Show, in full, each line of the data that contains "tseqS".

(Collected data)
------------------------------

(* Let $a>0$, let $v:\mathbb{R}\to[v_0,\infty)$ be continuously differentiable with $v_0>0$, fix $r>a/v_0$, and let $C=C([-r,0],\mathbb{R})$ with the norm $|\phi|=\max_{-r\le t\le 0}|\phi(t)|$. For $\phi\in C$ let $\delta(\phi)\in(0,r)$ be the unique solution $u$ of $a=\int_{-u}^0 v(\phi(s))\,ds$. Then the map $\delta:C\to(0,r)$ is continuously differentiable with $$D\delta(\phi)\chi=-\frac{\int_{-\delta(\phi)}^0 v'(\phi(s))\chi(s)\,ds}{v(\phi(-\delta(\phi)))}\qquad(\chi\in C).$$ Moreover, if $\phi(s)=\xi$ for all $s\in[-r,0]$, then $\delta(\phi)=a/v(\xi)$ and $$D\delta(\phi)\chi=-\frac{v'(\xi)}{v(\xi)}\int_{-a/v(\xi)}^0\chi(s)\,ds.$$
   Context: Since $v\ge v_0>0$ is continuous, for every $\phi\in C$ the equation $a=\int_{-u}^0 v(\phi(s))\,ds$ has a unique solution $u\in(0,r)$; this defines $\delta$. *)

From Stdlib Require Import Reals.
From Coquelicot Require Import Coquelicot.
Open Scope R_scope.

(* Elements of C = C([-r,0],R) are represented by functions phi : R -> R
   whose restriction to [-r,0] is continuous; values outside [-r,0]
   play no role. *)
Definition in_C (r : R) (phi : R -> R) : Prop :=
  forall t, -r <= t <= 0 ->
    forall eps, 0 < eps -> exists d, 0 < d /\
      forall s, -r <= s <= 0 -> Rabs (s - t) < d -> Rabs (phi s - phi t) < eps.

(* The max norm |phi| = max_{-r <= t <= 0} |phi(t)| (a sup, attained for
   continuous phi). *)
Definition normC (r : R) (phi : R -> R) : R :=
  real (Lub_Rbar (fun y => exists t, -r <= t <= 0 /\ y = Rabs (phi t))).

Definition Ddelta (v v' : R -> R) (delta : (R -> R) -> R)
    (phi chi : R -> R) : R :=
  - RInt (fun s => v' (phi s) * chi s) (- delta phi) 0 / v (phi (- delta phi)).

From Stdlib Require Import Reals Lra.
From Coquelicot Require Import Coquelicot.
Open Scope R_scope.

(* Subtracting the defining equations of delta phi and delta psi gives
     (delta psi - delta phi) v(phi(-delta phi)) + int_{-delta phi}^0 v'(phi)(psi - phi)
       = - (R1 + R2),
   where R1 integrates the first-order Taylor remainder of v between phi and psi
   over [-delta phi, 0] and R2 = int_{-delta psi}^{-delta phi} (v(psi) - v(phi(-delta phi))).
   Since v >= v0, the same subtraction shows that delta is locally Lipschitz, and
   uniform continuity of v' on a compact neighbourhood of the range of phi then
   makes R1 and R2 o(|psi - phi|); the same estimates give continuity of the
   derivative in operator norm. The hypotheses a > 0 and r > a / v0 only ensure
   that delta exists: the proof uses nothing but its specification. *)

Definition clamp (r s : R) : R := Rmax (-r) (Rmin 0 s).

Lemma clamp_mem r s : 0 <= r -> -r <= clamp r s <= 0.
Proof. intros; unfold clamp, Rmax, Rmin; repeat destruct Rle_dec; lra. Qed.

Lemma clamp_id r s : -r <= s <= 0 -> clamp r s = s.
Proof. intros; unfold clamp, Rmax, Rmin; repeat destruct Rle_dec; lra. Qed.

------------------------------

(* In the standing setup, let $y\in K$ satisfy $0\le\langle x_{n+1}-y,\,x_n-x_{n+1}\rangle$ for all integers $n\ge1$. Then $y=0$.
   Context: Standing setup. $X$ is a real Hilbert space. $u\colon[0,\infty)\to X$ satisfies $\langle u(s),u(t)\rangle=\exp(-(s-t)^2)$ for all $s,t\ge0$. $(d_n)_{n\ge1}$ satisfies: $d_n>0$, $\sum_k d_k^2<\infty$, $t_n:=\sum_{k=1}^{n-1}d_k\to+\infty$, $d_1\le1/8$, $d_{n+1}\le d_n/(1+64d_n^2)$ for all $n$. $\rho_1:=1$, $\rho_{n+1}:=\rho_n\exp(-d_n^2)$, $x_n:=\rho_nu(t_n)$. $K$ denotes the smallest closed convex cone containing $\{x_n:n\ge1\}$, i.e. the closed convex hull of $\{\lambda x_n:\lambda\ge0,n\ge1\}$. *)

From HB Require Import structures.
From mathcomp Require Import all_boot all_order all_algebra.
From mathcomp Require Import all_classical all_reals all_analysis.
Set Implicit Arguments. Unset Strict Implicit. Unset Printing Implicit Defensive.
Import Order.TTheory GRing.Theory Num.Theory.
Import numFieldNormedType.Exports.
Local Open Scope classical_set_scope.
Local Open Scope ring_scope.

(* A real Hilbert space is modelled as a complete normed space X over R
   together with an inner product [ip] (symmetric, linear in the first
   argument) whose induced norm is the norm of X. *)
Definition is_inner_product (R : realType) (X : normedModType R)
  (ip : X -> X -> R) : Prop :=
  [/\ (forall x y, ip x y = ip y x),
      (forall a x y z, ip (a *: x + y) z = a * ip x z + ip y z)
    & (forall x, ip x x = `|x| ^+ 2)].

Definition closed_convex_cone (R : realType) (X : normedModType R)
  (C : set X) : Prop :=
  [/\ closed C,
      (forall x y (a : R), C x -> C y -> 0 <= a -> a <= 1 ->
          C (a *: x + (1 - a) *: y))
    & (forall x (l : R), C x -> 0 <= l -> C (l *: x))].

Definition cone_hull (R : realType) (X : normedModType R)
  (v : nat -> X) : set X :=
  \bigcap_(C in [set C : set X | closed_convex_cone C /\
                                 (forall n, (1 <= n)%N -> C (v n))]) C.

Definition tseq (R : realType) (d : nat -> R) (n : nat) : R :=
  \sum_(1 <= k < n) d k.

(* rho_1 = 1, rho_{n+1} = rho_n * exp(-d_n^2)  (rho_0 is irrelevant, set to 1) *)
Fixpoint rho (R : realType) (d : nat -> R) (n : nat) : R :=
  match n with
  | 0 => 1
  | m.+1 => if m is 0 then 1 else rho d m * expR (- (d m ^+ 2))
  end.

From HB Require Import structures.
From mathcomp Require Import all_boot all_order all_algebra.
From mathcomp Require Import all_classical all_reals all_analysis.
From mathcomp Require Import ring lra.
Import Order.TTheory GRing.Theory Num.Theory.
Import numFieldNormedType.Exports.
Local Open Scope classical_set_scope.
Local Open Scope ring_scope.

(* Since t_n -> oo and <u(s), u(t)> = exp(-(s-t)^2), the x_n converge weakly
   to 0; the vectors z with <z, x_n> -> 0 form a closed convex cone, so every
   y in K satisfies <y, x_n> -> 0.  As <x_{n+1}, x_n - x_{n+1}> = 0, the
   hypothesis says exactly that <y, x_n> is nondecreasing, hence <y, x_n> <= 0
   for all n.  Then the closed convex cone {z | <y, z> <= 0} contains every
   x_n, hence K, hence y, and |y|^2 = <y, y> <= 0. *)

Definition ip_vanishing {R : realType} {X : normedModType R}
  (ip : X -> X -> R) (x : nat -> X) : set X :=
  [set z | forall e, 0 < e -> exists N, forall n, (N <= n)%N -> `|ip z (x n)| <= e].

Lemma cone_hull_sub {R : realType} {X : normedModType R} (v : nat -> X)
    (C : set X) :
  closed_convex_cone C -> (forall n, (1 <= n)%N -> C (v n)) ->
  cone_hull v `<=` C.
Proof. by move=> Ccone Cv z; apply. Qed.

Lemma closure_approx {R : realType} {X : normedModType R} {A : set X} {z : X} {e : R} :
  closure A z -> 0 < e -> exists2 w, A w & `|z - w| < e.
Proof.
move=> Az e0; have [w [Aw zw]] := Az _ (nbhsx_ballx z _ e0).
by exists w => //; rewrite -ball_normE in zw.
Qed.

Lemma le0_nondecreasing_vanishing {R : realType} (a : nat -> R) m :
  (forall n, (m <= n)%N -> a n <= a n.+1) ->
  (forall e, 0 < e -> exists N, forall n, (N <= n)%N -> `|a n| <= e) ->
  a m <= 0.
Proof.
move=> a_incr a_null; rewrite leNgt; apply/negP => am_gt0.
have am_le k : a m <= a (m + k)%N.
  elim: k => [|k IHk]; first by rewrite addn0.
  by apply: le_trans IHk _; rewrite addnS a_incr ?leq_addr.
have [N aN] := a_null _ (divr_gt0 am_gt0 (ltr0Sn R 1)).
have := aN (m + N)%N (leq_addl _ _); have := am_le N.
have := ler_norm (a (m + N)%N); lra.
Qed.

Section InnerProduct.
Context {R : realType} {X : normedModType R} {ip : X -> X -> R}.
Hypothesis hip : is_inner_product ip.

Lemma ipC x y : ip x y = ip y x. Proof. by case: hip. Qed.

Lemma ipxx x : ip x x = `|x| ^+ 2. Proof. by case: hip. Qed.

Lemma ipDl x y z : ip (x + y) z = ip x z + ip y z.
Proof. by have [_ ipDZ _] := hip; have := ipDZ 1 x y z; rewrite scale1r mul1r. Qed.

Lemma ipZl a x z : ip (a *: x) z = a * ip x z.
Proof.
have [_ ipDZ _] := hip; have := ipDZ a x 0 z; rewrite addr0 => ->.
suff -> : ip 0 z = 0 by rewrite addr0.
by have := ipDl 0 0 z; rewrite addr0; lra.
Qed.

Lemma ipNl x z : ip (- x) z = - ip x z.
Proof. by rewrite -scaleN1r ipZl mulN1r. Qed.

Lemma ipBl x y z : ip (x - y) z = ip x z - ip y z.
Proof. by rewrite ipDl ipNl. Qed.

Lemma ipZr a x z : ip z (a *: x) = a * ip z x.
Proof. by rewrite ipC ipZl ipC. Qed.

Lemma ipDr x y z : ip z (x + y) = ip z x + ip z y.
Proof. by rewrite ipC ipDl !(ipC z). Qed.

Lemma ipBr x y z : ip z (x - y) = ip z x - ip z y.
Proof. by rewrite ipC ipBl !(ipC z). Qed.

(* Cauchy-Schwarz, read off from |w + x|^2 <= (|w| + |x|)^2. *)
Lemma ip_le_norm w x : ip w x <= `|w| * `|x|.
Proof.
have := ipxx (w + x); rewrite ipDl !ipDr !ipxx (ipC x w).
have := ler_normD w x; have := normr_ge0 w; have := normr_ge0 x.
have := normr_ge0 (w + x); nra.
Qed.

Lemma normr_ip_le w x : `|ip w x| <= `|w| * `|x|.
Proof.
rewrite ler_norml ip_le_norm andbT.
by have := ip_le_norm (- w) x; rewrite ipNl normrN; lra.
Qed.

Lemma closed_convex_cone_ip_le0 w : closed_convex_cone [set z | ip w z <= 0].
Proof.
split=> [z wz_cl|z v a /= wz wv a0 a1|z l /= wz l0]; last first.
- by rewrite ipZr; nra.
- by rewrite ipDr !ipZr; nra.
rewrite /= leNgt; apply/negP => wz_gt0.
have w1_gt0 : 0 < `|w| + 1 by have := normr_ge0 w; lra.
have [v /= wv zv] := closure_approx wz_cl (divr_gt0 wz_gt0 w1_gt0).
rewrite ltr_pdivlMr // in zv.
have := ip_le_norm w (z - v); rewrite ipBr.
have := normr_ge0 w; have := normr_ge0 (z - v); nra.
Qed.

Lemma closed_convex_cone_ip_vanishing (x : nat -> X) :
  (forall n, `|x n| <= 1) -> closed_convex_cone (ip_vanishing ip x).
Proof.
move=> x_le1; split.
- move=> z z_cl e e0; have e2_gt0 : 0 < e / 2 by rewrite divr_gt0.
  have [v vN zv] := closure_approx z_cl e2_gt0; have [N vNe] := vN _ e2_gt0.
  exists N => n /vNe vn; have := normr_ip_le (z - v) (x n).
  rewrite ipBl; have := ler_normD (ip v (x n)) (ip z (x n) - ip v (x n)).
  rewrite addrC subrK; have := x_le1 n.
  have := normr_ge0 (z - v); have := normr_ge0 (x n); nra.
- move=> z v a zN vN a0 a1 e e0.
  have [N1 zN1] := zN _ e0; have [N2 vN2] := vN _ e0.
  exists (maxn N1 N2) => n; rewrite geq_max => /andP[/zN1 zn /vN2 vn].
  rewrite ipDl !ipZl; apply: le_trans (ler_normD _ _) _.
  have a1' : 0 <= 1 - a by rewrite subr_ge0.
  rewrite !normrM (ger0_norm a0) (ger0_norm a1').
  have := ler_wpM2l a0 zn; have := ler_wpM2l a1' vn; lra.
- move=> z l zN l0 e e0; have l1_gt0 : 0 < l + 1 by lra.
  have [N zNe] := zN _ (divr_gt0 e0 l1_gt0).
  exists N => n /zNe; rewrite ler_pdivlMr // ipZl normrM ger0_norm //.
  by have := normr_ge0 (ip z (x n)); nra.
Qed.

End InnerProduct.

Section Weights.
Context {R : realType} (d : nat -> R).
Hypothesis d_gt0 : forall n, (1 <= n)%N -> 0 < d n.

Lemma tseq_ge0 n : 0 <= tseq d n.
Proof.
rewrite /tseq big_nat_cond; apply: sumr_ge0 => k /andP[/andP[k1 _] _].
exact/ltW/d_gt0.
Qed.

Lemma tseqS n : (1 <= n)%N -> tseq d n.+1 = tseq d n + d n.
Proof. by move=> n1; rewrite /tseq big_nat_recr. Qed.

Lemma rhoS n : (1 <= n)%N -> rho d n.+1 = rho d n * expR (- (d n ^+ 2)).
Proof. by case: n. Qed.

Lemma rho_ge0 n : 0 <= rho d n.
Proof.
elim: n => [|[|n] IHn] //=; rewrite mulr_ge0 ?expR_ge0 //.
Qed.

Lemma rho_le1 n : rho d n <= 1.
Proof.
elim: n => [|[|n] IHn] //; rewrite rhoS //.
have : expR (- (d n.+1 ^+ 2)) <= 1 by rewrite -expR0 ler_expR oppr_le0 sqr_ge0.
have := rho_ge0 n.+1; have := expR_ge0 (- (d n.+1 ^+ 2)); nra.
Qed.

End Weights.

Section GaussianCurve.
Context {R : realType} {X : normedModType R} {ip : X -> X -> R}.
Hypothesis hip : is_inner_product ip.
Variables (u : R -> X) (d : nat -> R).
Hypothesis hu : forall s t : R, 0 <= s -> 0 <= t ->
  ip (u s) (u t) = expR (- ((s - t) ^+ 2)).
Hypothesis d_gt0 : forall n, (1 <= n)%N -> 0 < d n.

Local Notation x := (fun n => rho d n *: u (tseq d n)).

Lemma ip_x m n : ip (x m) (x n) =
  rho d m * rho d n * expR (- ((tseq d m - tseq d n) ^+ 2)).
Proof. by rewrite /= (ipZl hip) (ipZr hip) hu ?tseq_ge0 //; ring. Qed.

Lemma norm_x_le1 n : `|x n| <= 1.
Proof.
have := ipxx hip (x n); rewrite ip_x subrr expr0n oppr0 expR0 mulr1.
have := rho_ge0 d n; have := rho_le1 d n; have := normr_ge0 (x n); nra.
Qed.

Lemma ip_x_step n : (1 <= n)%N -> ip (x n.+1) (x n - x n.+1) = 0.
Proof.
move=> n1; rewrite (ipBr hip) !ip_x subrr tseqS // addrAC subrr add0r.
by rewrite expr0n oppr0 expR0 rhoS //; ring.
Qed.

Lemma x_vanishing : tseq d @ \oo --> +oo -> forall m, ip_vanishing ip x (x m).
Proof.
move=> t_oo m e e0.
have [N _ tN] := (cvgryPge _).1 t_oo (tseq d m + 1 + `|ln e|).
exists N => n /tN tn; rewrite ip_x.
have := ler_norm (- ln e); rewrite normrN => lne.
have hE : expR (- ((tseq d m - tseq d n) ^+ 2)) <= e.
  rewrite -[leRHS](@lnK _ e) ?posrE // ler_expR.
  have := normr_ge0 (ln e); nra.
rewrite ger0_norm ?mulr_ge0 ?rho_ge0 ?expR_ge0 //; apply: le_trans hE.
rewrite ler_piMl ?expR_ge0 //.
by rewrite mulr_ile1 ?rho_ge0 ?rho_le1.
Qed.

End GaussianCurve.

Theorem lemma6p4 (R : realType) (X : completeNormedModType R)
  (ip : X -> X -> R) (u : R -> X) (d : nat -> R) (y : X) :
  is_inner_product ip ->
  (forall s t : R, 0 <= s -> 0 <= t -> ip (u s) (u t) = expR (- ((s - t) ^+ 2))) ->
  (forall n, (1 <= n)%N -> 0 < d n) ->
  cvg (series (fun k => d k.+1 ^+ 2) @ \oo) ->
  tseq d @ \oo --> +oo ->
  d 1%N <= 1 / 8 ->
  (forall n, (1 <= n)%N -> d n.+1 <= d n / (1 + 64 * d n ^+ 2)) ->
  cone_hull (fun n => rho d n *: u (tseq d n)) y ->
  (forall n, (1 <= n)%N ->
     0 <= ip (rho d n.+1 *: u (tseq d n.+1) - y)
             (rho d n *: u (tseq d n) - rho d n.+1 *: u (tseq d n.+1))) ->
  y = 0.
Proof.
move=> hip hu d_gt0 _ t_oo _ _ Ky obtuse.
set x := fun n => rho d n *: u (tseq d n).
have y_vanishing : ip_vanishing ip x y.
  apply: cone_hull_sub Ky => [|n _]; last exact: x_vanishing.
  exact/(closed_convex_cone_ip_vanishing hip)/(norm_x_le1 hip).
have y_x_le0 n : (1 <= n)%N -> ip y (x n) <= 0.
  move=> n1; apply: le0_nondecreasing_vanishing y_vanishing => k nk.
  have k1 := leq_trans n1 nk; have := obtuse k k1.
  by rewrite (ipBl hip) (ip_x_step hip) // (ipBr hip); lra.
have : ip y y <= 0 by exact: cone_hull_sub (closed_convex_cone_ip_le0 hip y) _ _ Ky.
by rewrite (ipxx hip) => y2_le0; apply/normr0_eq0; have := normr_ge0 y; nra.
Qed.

------------------------------

Answer to the problem.
Lemma tseqS n : (1 <= n)%N -> tseq d n.+1 = tseq d n + d n.
move=> n1; rewrite (ipBr hip) !ip_x subrr tseqS // addrAC subrr add0r.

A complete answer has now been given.